Stored items
((
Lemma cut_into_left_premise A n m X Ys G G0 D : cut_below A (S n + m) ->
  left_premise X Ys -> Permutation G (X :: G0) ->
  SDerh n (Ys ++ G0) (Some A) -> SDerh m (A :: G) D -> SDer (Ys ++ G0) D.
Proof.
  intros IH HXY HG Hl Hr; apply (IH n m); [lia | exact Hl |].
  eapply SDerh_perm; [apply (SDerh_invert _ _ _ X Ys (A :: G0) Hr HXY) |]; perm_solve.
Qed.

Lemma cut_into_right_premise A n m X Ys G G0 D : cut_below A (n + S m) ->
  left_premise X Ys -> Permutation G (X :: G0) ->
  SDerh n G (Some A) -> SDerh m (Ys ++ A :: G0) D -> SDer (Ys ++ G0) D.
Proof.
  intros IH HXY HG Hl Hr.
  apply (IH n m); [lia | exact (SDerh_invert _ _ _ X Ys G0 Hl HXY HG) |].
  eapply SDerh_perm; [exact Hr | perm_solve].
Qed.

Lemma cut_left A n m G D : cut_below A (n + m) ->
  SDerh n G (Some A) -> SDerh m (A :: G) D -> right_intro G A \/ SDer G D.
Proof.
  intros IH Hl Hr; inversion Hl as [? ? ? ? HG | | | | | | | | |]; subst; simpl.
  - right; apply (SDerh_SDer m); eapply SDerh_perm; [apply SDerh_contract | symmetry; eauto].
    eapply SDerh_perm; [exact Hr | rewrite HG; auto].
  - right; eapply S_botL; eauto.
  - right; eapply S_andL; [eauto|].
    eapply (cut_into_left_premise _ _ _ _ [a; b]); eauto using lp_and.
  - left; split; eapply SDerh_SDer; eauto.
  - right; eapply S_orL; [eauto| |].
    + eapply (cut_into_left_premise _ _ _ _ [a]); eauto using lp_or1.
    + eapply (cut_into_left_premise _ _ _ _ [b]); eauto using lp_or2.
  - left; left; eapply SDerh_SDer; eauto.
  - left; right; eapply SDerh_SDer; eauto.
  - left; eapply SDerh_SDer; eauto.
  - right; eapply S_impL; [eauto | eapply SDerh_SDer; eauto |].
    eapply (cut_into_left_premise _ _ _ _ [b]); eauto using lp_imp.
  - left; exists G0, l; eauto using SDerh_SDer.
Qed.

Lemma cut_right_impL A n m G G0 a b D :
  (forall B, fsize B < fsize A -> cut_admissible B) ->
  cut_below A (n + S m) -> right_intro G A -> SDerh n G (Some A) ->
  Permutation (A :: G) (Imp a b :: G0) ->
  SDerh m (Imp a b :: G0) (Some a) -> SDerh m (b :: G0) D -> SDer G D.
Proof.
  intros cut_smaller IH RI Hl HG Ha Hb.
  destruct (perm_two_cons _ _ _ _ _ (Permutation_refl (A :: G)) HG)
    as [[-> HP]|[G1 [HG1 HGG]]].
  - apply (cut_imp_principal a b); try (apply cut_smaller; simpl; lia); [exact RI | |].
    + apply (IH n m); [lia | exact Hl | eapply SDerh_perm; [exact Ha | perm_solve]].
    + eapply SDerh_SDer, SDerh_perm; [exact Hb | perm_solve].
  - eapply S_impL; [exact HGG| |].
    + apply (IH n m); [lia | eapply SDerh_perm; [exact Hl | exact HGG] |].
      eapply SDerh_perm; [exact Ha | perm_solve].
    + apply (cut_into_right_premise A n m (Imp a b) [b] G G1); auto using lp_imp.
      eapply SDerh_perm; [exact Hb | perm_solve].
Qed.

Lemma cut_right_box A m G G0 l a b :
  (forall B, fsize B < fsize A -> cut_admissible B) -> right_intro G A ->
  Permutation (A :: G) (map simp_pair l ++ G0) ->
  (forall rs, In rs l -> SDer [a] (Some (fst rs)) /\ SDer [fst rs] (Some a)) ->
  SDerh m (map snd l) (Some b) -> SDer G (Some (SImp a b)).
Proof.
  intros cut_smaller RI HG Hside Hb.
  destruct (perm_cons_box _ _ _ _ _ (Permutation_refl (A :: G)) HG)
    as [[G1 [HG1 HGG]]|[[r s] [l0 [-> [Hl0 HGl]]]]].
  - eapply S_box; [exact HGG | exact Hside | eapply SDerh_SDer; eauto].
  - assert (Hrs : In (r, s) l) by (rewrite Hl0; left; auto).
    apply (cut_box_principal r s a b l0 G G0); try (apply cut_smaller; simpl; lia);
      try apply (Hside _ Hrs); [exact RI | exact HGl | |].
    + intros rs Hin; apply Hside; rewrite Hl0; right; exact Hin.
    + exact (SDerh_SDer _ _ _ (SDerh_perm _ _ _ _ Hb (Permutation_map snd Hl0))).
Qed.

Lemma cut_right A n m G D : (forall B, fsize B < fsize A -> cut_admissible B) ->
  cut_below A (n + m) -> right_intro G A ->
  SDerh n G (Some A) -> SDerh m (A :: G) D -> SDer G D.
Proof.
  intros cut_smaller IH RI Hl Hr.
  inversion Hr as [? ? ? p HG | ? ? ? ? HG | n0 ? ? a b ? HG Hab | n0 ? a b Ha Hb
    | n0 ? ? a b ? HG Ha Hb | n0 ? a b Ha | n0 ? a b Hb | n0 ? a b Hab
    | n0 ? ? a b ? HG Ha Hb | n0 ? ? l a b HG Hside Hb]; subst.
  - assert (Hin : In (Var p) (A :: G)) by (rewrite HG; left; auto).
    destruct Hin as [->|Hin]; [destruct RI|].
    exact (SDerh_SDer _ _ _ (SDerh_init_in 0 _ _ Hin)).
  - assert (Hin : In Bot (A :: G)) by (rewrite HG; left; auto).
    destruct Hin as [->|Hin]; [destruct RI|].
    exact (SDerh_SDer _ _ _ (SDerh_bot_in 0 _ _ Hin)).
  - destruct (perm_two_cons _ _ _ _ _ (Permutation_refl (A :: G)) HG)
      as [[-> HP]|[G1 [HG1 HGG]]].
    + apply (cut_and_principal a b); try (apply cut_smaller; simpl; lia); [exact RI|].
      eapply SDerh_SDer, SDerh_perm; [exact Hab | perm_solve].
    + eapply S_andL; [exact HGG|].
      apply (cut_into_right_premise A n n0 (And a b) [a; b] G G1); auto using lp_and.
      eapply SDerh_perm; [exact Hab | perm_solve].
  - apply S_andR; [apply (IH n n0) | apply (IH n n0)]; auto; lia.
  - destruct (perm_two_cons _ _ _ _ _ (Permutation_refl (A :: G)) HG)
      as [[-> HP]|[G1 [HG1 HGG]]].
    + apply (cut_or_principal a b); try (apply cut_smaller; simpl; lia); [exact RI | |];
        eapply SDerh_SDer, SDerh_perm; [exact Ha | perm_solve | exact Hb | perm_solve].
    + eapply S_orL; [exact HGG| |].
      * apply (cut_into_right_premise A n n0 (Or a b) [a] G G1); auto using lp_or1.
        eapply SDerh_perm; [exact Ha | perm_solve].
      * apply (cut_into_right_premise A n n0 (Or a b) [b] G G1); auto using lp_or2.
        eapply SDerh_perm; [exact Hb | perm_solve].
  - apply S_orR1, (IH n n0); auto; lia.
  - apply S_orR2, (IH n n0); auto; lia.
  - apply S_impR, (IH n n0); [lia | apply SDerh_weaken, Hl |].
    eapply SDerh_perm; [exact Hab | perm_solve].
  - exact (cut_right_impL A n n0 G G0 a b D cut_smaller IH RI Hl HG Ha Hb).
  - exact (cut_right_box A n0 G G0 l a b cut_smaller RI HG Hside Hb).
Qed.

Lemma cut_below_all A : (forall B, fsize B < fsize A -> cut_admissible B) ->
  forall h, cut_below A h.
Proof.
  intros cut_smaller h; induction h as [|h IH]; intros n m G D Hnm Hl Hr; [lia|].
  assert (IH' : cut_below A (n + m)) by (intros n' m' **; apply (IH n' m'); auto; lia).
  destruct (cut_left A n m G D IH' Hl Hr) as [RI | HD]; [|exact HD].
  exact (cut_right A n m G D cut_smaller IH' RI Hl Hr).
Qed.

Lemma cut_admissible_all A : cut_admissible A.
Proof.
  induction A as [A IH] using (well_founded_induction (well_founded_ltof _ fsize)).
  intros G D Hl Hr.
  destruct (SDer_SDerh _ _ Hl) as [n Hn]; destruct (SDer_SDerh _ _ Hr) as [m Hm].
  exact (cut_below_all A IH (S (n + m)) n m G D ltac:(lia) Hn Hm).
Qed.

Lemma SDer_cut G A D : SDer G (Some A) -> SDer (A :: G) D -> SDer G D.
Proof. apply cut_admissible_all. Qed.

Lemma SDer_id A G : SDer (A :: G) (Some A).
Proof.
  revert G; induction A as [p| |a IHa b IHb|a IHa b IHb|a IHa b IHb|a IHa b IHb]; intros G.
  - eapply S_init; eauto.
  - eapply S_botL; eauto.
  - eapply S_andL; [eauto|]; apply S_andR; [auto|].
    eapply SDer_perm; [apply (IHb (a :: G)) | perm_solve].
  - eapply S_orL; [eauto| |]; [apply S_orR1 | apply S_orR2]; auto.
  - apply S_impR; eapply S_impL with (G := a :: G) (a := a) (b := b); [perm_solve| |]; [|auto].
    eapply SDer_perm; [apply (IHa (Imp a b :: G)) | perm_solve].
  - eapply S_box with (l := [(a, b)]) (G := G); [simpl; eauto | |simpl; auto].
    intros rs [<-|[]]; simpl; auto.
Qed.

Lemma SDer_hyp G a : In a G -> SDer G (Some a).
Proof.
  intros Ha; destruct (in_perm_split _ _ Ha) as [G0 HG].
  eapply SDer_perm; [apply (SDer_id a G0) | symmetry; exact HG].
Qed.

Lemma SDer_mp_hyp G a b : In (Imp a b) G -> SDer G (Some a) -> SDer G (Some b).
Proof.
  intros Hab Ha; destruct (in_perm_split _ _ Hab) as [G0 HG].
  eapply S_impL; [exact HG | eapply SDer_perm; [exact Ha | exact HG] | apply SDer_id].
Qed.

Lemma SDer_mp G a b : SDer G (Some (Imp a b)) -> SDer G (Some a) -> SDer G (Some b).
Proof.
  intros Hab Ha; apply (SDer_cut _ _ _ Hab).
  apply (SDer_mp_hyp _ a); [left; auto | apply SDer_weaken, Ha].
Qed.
))
((
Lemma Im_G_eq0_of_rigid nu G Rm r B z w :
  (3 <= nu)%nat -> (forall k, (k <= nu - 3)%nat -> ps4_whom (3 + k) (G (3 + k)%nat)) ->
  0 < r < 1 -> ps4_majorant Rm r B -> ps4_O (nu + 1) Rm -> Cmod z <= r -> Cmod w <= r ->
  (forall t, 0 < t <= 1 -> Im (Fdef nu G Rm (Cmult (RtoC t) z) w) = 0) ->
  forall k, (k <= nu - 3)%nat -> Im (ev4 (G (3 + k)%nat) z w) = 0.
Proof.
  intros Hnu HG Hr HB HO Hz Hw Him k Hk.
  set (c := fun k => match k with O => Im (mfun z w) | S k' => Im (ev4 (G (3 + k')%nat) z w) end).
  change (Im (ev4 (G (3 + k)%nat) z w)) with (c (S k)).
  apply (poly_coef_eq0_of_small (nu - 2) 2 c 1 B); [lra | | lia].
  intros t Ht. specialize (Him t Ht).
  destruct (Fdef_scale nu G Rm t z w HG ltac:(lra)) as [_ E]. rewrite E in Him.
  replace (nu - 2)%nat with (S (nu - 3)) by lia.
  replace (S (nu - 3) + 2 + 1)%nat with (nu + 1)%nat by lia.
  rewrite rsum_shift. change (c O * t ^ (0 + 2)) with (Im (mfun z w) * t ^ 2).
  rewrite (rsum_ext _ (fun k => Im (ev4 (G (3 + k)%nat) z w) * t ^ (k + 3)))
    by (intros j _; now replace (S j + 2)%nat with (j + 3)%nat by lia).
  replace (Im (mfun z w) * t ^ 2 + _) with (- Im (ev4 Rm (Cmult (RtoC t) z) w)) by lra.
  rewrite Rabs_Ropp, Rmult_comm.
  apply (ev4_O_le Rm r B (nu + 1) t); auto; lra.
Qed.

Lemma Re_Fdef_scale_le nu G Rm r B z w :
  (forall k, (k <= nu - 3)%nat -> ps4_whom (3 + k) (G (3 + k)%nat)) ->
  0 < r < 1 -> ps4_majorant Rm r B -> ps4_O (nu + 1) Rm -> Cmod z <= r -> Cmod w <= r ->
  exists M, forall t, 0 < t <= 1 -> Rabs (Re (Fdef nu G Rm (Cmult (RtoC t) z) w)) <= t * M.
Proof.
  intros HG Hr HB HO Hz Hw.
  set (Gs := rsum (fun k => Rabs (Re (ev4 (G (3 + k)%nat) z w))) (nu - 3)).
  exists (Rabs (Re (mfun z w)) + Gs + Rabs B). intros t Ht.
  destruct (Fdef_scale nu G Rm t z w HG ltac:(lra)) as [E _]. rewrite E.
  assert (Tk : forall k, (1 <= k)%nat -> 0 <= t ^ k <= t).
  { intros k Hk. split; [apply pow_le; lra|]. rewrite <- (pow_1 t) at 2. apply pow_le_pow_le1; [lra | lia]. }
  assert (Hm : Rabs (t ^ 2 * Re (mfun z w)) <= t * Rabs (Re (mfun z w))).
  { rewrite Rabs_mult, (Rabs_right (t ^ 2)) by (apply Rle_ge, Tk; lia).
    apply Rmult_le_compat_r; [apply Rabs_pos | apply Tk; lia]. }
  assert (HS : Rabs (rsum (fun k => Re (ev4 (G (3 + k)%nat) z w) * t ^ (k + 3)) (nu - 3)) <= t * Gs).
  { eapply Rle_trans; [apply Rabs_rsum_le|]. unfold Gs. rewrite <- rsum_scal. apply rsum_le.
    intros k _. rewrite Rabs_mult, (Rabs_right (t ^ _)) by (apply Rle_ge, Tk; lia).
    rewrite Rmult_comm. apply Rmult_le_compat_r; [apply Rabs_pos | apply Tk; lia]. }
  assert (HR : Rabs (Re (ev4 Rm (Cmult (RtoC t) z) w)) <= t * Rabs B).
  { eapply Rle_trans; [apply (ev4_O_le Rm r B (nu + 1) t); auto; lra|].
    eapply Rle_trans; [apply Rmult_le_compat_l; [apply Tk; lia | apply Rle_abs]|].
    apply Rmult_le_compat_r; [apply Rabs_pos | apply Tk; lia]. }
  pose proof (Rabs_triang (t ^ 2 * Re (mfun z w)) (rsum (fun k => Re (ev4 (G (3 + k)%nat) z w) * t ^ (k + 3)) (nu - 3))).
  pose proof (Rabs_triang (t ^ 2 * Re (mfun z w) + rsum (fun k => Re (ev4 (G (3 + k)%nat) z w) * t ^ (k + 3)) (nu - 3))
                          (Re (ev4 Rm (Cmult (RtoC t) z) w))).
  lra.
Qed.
))
→ Task brief
The lines to extract from the data above begin with the line containing "eapply (cut_into_left_premise _ _ _ _ [b]); eauto using lp_imp." and end with the line containing "SDerh_SDer, SDerh_perm; [exact Hb | perm_solve].". Extract them exactly, including both.

→ Output
    eapply (cut_into_left_premise _ _ _ _ [b]); eauto using lp_imp.
  - left; exists G0, l; eauto using SDerh_SDer.
Qed.

Lemma cut_right_impL A n m G G0 a b D :
  (forall B, fsize B < fsize A -> cut_admissible B) ->
  cut_below A (n + S m) -> right_intro G A -> SDerh n G (Some A) ->
  Permutation (A :: G) (Imp a b :: G0) ->
  SDerh m (Imp a b :: G0) (Some a) -> SDerh m (b :: G0) D -> SDer G D.
Proof.
  intros cut_smaller IH RI Hl HG Ha Hb.
  destruct (perm_two_cons _ _ _ _ _ (Permutation_refl (A :: G)) HG)
    as [[-> HP]|[G1 [HG1 HGG]]].
  - apply (cut_imp_principal a b); try (apply cut_smaller; simpl; lia); [exact RI | |].
    + apply (IH n m); [lia | exact Hl | eapply SDerh_perm; [exact Ha | perm_solve]].
    + eapply SDerh_SDer, SDerh_perm; [exact Hb | perm_solve].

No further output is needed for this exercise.